Lemma base_col_model a b k d1 d2 : a < M -> b < N -> d1 < 6 -> d2 < 6 ->
  base_col M N k (win M a d1) (win N b d2) =
  base_col M' N' k (win M' (model_pos M a) d1) (win N' (model_pos N b) d2).
Proof.
move=> ha hb h1 h2.
by rewrite /base_col (pos_class_model M_odd M_ge3 ha h1) (pos_class_model N_odd N_ge3 hb h2).
Qed.

Lemma base_col_proper x y : x < M -> y < N -> proper_at M N (base_col M N) x y.
Proof.
move=> hx hy; have hx' := model_pos_lt M_odd M_ge3 hx; have hy' := model_pos_lt N_odd N_ge3 hy.
rewrite -(win2 M_ge2 hx) -(win2 N_ge2 hy).
rewrite (@proper_at_win _ _ M' N' _ (base_col M' N') _ _ (model_pos M x) (model_pos N y)); try lia.
  rewrite (win2 (ltnW M'_ge3) hx') (win2 (ltnW N'_ge3) hy').
  exact: (model_base_proper (model_size_mem M_odd M_ge3) (model_size_mem N_odd N_ge3) hx' hy').
by move=> k e1 e2 ? ?; apply: base_col_model => //; lia.
Qed.

Variables (k0 : bool) (a b c : nat).
Hypotheses (a_lt : a < M) (b_lt : b < N) (c_lt : c < 5).

Local Notation a' := (model_pos M a).
Local Notation b' := (model_pos N b).

Lemma nbhd_model d1 d2 : d1 < 6 -> d2 < 6 ->
  ((win M a d1, win N b d2) \in nbhd M N k0 a b) =
  ((win M' a' d1, win N' b' d2) \in nbhd M' N' k0 a' b').
Proof.
move=> h1 h2; rewrite /nbhd; case: k0;
by rewrite /= !inE !xpair_eqE !(win_eq_model M_odd M_ge3 a) // !(win_eq_model N_odd N_ge3 b).
Qed.

Lemma inner_model k d1 d2 : d1 < 6 -> d2 < 6 -> (if k then d1 < 5 else d2 < 5) ->
  inner M N k0 a b k (win M a d1) (win N b d2) =
  inner M' N' k0 a' b' k (win M' a' d1) (win N' b' d2).
Proof.
move=> h1 h2 hk; rewrite /inner /inside /end2 nbhd_model //; congr (_ && _).
by case: k hk => hk; rewrite !csucc_win ?nbhd_model //; lia.
Qed.

Definition recol : coloring := fun k x y =>
  if inner M N k0 a b k x y
  then model_recol M' N' k0 a' b' c k (to_model M a x) (to_model N b y)
  else base_col M N k x y.

Let model_recol_spec := model_recolP (model_size_mem M_odd M_ge3) (model_size_mem N_odd N_ge3) k0
  (model_pos_lt M_odd M_ge3 a_lt) (model_pos_lt N_odd N_ge3 b_lt) c_lt.

Lemma recol_win k d1 d2 : d1 < 6 -> d2 < 6 -> (if k then d1 < 5 else d2 < 5) ->
  recol k (win M a d1) (win N b d2) = model_recol M' N' k0 a' b' c k (win M' a' d1) (win N' b' d2).
Proof.
move=> h1 h2 hk; rewrite /recol inner_model //; case: ifP => inner_d.
  by rewrite (to_model_win M_odd M_ge3) // (to_model_win N_odd N_ge3).
have [_ _ _ ->] := model_recol_spec; last by rewrite inner_d.
exact: base_col_model.
Qed.

Lemma recolP : is_recoloring M N k0 a b c recol.
Proof.
have [model_proper model_centre model_lt _] := model_recol_spec.
split.
- case=> x y /mapP [d d_in [-> ->]] /=.
  have /andP [/andP [d1_gt0 d1_lt] /andP [d2_gt0 d2_lt]] := nbhd_offsets_bounds d_in.
  case: d d_in d1_gt0 d2_gt0 d1_lt d2_lt => -[|e1] [|e2] //= d_in _ _ ? ?.
  rewrite (@proper_at_win _ _ M' N' _ (model_recol M' N' k0 a' b' c) _ _ a' b'); try lia.
    by apply: (model_proper (_, _)); apply/mapP; exists (e1.+1, e2.+1).
  by move=> k f1 f2 ? ?; apply: recol_win; try case: k; lia.
- rewrite -(win2 M_ge2 a_lt) -(win2 N_ge2 b_lt) recol_win ?if_same //.
  by rewrite (win2 (ltnW M'_ge3)) ?(win2 (ltnW N'_ge3)) ?model_pos_lt.
- by move=> k x y; rewrite /recol; case: ifP => _; [exact: model_lt | exact: base_col_lt].
- by move=> k x y outer; rewrite /recol (negbTE outer).
Qed.

End Transfer.

(** * Gluing the local recolourings *)

Lemma inner_centre M N k0 a b : 2 <= M -> 2 <= N -> a < M -> b < N -> inner M N k0 a b k0 a b.
Proof.
move=> M_ge2 N_ge2 ha hb; rewrite /inner /inside /end2; apply/andP; split.
  by apply/mapP; exists (2, 2); [case: k0 | rewrite /= !win2].
by case: k0; apply/mapP; [exists (3, 2) | exists (2, 3)]; rewrite //= csucc3 ?win2.
Qed.

Section Combination.
Variables M N : nat.
Hypotheses (M_odd : odd M) (M_ge3 : 3 <= M) (N_odd : odd N) (N_ge3 : 3 <= N).

Variables (I : finType) (S : {pred I}).
Variables (centre : I -> bool * 'I_M * 'I_N) (color : I -> nat).
Hypothesis color_lt : forall i, i \in S -> color i < 5.

Local Notation nbhd_of i := (nbhd M N (centre i).1.1 (centre i).1.2 (centre i).2).
Local Notation inner_of i := (inner M N (centre i).1.1 (centre i).1.2 (centre i).2).
Local Notation recol_of i := (recol M N (centre i).1.1 (centre i).1.2 (centre i).2 (color i)).

Hypothesis nbhd_disjoint : forall i j v, i \in S -> j \in S ->
  v \in nbhd_of i -> v \in nbhd_of j -> i = j.

Let recol_ofP i (iS : i \in S) := recolP M_odd M_ge3 N_odd N_ge3 (centre i).1.1
  (ltn_ord (centre i).1.2) (ltn_ord (centre i).2) (color_lt iS).

Definition combined : coloring := fun k x y =>
  if [pick i in S | inner_of i k x y] is Some i then recol_of i k x y else base_col M N k x y.

Lemma combined_lt k x y : combined k x y < 5.
Proof.
rewrite /combined; case: pickP => [i /andP [iS _] | _]; last exact: base_col_lt.
by have [_ _ ->] := recol_ofP iS.
Qed.

Lemma combined_near x y k x' y' : (x', y') = (x, y) \/ end2 M N k x' y' = (x, y) ->
  combined k x' y' =
  if [pick i in S | (x, y) \in nbhd_of i] is Some i then recol_of i k x' y'
  else base_col M N k x' y'.
Proof.
move=> incident.
have near i : inner_of i k x' y' -> (x, y) \in nbhd_of i.
  by case/andP; case: incident => <-.
rewrite /combined; case: pickP => [i /andP [iS inner_i] | no_inner];
  case: pickP => [j /andP [jS near_j] | no_near].
- by rewrite (nbhd_disjoint iS jS (near i inner_i) near_j).
- by move: (no_near i); rewrite iS near.
- have [_ _ _ ->] := recol_ofP jS => //.
  by move: (no_inner j); rewrite jS => /negbT.
- by [].
Qed.

Lemma combined_proper x y : x < M -> y < N -> proper_at M N combined x y.
Proof.
move=> hx hy; rewrite /proper_at.
have [M_ge2 N_ge2] : 2 <= M /\ 2 <= N by split; lia.
rewrite !(@combined_near x y); try by [left | right; rewrite /end2 cpredK].
case: pickP => [i /andP [iS near_i] | _]; last exact: base_col_proper.
by have [proper_nbhd _ _ _] := recol_ofP iS; apply: (proper_nbhd (x, y)).
Qed.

#### Problem requirements:
Working from the material above, restate word for word the lines between the line with "- by move=> k x y outer;" and the line with "Hypothesis nbhd_disjoint : forall", both included, and only those.

#### Answer box:
- by move=> k x y outer; rewrite /recol (negbTE outer).
Qed.

End Transfer.

(** * Gluing the local recolourings *)

Lemma inner_centre M N k0 a b : 2 <= M -> 2 <= N -> a < M -> b < N -> inner M N k0 a b k0 a b.
Proof.
move=> M_ge2 N_ge2 ha hb; rewrite /inner /inside /end2; apply/andP; split.
  by apply/mapP; exists (2, 2); [case: k0 | rewrite /= !win2].
by case: k0; apply/mapP; [exists (3, 2) | exists (2, 3)]; rewrite //= csucc3 ?win2.
Qed.

Section Combination.
Variables M N : nat.
Hypotheses (M_odd : odd M) (M_ge3 : 3 <= M) (N_odd : odd N) (N_ge3 : 3 <= N).

Variables (I : finType) (S : {pred I}).
Variables (centre : I -> bool * 'I_M * 'I_N) (color : I -> nat).
Hypothesis color_lt : forall i, i \in S -> color i < 5.

Local Notation nbhd_of i := (nbhd M N (centre i).1.1 (centre i).1.2 (centre i).2).
Local Notation inner_of i := (inner M N (centre i).1.1 (centre i).1.2 (centre i).2).
Local Notation recol_of i := (recol M N (centre i).1.1 (centre i).1.2 (centre i).2 (color i)).

Hypothesis nbhd_disjoint : forall i j v, i \in S -> j \in S ->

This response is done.